Dari ilustrasi di atas, jelas bahwa fraksi harga yang menyempit membuat volatilitas (gejolak) saham menjadi lebih tinggi. Volatilitas yang lebih tinggi membuka peluang untuk mendapat untung dari harga saham yang naik-turun. (Mohon diingat: membuka peluang mendapat untung TIDAK BERARTI anda pasti mendapat untung.)

Nah, sampai di sini coba anda bandingkan pendapat saya di atas dengan pendapat "pakar-pakar" sok-tahu yang—sebelum aturan fraksi harga baru dilaksanakan—berkoar-koar meminta otoritas bursa membatalkan perubahan fraksi karena menurut mereka fraksi harga baru akan membuat trader lebih sulit mencari untung. 

Logika mereka adalah sebagai berikut: pada fraksi harga lama, beli saham di 200 dan jual di fraksi berikutnya di 205 sudah untung . Dengan fraksi baru, beli di 200 dan jual di fraksi berikutnya di 201 belum untung.

Saya tidak tahu "pakar-pakar" tersebut belajar logika di mana, tapi pendapat tersebut 100% tidak memakai akal sehat. Mengapa? Memangnya ada aturan bahwa anda harus menjual saham hanya 1 fraksi harga ke atas?

Dengan fraksi harga baru, anda bisa membeli di 200 dan tetap bisa menjual di 205 kalau itu yang anda mau. Kan tidak ada yang memaksa anda harus menjual di 201.

"Tapi, dengan fraksi harga baru, memasang jual di 205 kan belum tentu laku," kata pakar-pakar tersebut membela diri.

Memangnya pada fraksi harga lama, anda jual di 205 pasti laku?

Lagian, pada fraksi harga lama kalau saham anda tidak laku di 205 dan anda harus jual, berarti anda harus jual di 200. Pada fraksi harga baru, ada kemungkinan anda bisa jual di 201, 202, 203, atau 204.

Tambahan lagi, dengan gejolak harga yang lebih tinggi, anda bisa beli di 200, jual di 204. Kalau saham masih naik, anda bisa beli lagi di 206 lalu jual di 210. Lalu ketika saham turun lagi ke 203, anda bisa beli lagi, dan jual lagi kalau naik.

Itu teorinya. Prakteknya tentu saja tidak mudah. Tapi yang penting adalah peluang jual-beli makin banyak dengan fraksi harga baru.
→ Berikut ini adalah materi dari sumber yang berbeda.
Lemma norm_Kker_diff_on_le b x z S y : `|Kker_diff_on b x z S y| <= K2 b y.
Proof.
have K1_01 (t : R) : K1 t = 0 \/ K1 t = 1 by rewrite /K1 /ind; case: ifP; [right|left].
have K1diff : `|K1 (x - y) - K1 (z - y)| <= 1.
  case: (K1_01 (x - y)) => ->; case: (K1_01 (z - y)) => ->;
  by rewrite ?subrr ?normr0 ?sub0r ?subr0 ?normrN ?normr1.
rewrite /Kker_diff_on /Kker -mulrBl !normrM.
rewrite (ger0_norm (K2_ge0 _ _)) (ger0_norm (ind_ge0 _ _)).
rewrite -[X in _ <= X]mulr1; apply: ler_pM; rewrite ?mulr_ge0 ?K2_ge0 ?ind_ge0 ?ind_le1 //.
by rewrite -[X in _ <= X]mul1r; apply: ler_pM; rewrite ?K2_ge0.
Qed.

Lemma Kker_diff_on_neq0 b x z S y : Kker_diff_on b x z S y != 0 ->
  [/\ S y, 0 < y < 1 & exists2 w, w = x \/ w = z & 2 <= w - y <= 3].
Proof.
rewrite /Kker_diff_on /Kker -mulrBl !mulf_eq0 !negb_or => /andP[/andP[dK1 K2y] Sy].
split; [exact: ind_neq0|by apply: contraNT K2y => /K2_out ->|].
rewrite /K1 in dK1 *; have [K1x|/ind_neq0 K1x] := eqVneq (ind `[2, 3] (x - y)) 0.
  exists z; first by right.
  by move: dK1; rewrite K1x sub0r oppr_eq0 => /ind_neq0; rewrite /= in_itv.
by exists x; [left|move: K1x; rewrite /= in_itv].
Qed.

Lemma measurable_Kker_diff_on b x z S : measurable S ->
  measurable_fun setT (Kker_diff_on b x z S).
Proof.
move=> mS; have mK1 w : measurable_fun setT (fun y : R => K1 (w - y)).
  apply: (measurableT_comp (f := @K1 R)); last exact: measurable_funB.
  by rewrite /K1 indE; apply: measurable_indic; exact: measurable_itv.
rewrite /Kker_diff_on /Kker; apply: measurable_funM.
  by apply: measurable_funB; apply: measurable_funM => //; exact: measurable_K2.
by rewrite indE; exact: measurable_indic.
Qed.

End Kernel.

Section Summands.
Variable R : realType.

Lemma dilP (m c l y : R) : dil m c l y <-> c - m * l / 2 <= y <= c + m * l / 2.
Proof. by rewrite /dil /cube /= in_itv. Qed.

Lemma dyadic_annulus_near (c l w y : R) (m : nat) : 0 < l ->
  dil (1/2) c l w -> 2 <= w - y <= 3 ->
  (dil (2 ^+ m) c l `\` dil (2 ^+ m.-1) c l) y ->
  2 ^+ m * l < 24 /\ `[y, y + 2] `<=` dil (2 ^+ m) c l.
Proof.
move=> l0 /dilP/andP[w1 w2] /andP[wy1 wy2] [/dilP/andP[y1 y2] ny].
have k1 : (1 : R) <= 2 ^+ m.-1 by rewrite exprn_ege1 // ler1n.
have km : (2 : R) ^+ m <= 2 * 2 ^+ m.-1.
  by case: m {y1 y2 ny k1} => [|m] /=; rewrite ?expr0 ?mulr1 ?ler1n // exprS.
have m1 : (1 : R) <= 2 ^+ m by rewrite exprn_ege1 // ler1n.
set k := (2 : R) ^+ m.-1 in k1 km ny; set M := (2 : R) ^+ m in km m1 y1 y2 *.
have kl : l <= k * l by rewrite ler_peMl // ltW.
have Ml : l <= M * l by rewrite ler_peMl // ltW.
have Mk : M * l <= 2 * (k * l) by rewrite mulrA ler_wpM2r // ltW.
split.
  have : ~~ (c - k * l / 2 <= y <= c + k * l / 2) by apply/negP => h; apply/ny/dilP.
  by rewrite negb_and -!ltNge => /orP[|]; lra.
by move=> t; rewrite /= in_itv /= => /andP[t1 t2]; apply/dilP; lra.
Qed.

Definition dyadic_below (a l : R) (m : nat) : R :=
  if 2 ^+ m * l < a then 2 ^+ m * l else 0.

Lemma dyadic_below_ge0 a l m : 0 < l -> 0 <= dyadic_below a l m.
Proof. by move=> l0; rewrite /dyadic_below; case: ifP => // _; rewrite mulr_ge0 ?ltW. Qed.

Lemma sum_dyadic_below_le a l n : 0 <= a -> 0 < l ->
  \sum_(1 <= m < n) dyadic_below a l m <= 2 * a.
Proof.
move=> a0 l0; case: n => [|n]; first by rewrite big_geq // mulr_ge0.
suff : \sum_(1 <= m < n.+1) dyadic_below a l m <= 2 ^+ n.+1 * l /\
       \sum_(1 <= m < n.+1) dyadic_below a l m <= 2 * a by case.
elim: n => [|n [IH1 IH2]].
  by rewrite big_geq // expr1; split; apply: mulr_ge0 => //; exact: ltW.
rewrite big_nat_recr //= [2 ^+ n.+2]exprS -mulrA /dyadic_below.
set s := \sum_(1 <= m < n.+1) dyadic_below a l m in IH1 IH2 *.
set d := 2 ^+ n.+1 * l in IH1 *; have d0 : 0 <= d by rewrite mulr_ge0 ?ltW.
by case: (ltP d a) => hd; split; lra.
Qed.

Lemma nneseries_dyadic_below_le (a l k : R) : 0 <= a -> 0 < l -> 0 <= k ->
  (\sum_(1 <= m <oo) (dyadic_below a l m * k)%:E <= (2 * a * k)%:E)%E.
Proof.
move=> a0 l0 k0; apply: lime_le.
  by apply: is_cvg_nneseries => m _ _; rewrite lee_fin mulr_ge0 ?dyadic_below_ge0.
apply: nearW => n /=; rewrite sumEFin lee_fin -mulr_suml ler_wpM2r //.
exact: sum_dyadic_below_le.
Qed.

Lemma inv_fine_le1 (v : \bar R) : (1 <= v)%E -> (fine v)^-1 <= 1.
Proof.
case: v => [v| |] //= v1.
by rewrite invf_le1 -?lee_fin // (lt_le_trans ltr01).
Qed.

Lemma Kker_summand_le (b : R) (r : R -> \bar R) (c l x z : R) (m : nat) :
  0 < b -> is_exponent r ->
  (forall y, 0 <= y <= 1 -> r y = 2%:E) -> 0 < l ->
  dil (1/2) c l x -> dil (1/2) c l z ->
  ((2 ^+ m * l)%:E * vnorm r (fun y => ((Kker b x y - Kker b z y) *
      ind (dil (2 ^+ m) c l `\` dil (2 ^+ m.-1) c l) y)%R)
   * ((fine (vnorm r (ind (dil (2 ^+ m) c l))))^-1)%:E
   <= (dyadic_below 24 l m * (1 + b^-1))%:E)%E.
Proof.
move=> b0 re r2 l0 hx hz.
set S := dil (2 ^+ m) c l `\` dil (2 ^+ m.-1) c l.
have mdil k : measurable (dil k c l) by exact: measurable_itv.
change (fun y => _) with (Kker_diff_on b x z S).
have lam0 : 0 < 1 + b^-1 by rewrite addr_gt0 // invr_gt0.
have pos2m : 0 <= 2 ^+ m * l by rewrite mulr_ge0 ?ltW.
have [[y /Kker_diff_on_neq0 [Sy _ [w xzw wy]]]|diff0] :=
  pselect (exists y, Kker_diff_on b x z S y != 0); last first.
  rewrite vnorm_eq0 // => [|y]; last first.
    by apply/eqP; apply: contra_notT diff0 => h; exists y.
  by rewrite mule0 mul0e lee_fin mulr_ge0 ?dyadic_below_ge0 ?(ltW lam0).
have wQ : dil (1/2) c l w by case: xzw => ->.
have [small sub] := dyadic_annulus_near l0 wQ wy Sy.
rewrite /dyadic_below small -[X in (_ <= X)%E]mule1 (EFinM (2 ^+ m * l)).
apply: lee_pmul.
- by rewrite mule_ge0 ?lee_fin ?vnorm_ge0.
- by rewrite lee_fin invr_ge0 fine_ge0 ?vnorm_ge0.
- apply: lee_pmul; rewrite ?lee_fin ?vnorm_ge0 //.
  apply: vnorm_le => //; apply: modular_le1_of_le_K2 => //.
    exact: measurable_Kker_diff_on (measurableD (mdil _) (mdil _)).
  exact: norm_Kker_diff_on_le.
- rewrite lee_fin; apply/inv_fine_le1/(vnorm_ind_ge1 re (mdil _) _ sub).
  by rewrite addrAC subrr add0r ler1n.
Qed.

End Summands.

Unset Implicit Arguments.

Theorem mainTheorem17 (R : realType) (beta : R) (r : R -> \bar R) :
  0 < beta ->
  log_holder r ->
  (forall x : R, 0 <= x <= 1 -> r x = 2%:E) ->
  (1 < ess_inf_itv r 0 16)%E ->
  in_H r (Kker beta).
Proof.
move=> beta0 [r_exp _] r2 _.
have lam0 : 0 <= 1 + beta^-1 by rewrite addr_ge0 // invr_ge0 ltW.
exists (2 * 24 * (1 + beta^-1)) => c l l0 x z hx hz.
apply: le_trans (nneseries_dyadic_below_le (ler0n _ 24) l0 lam0).
apply: lee_nneseries => [m _ _|m _]; last exact: Kker_summand_le.
by rewrite !mule_ge0 ?vnorm_ge0 // lee_fin ?invr_ge0 ?fine_ge0 ?vnorm_ge0 // mulr_ge0 ?ltW.
Qed.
Kesimpulannya: Fraksi harga baru yang lebih sempit menguntungkan pembeli dan penjual, mempersulit bandar untuk mengerjai pemain saham-pemain saham kecil, dan menambah peluang mendapatkan untung dari gejolak harga saham. Tidakkah sebaiknya kita sambut dan manfaatkan perubahan tersebut?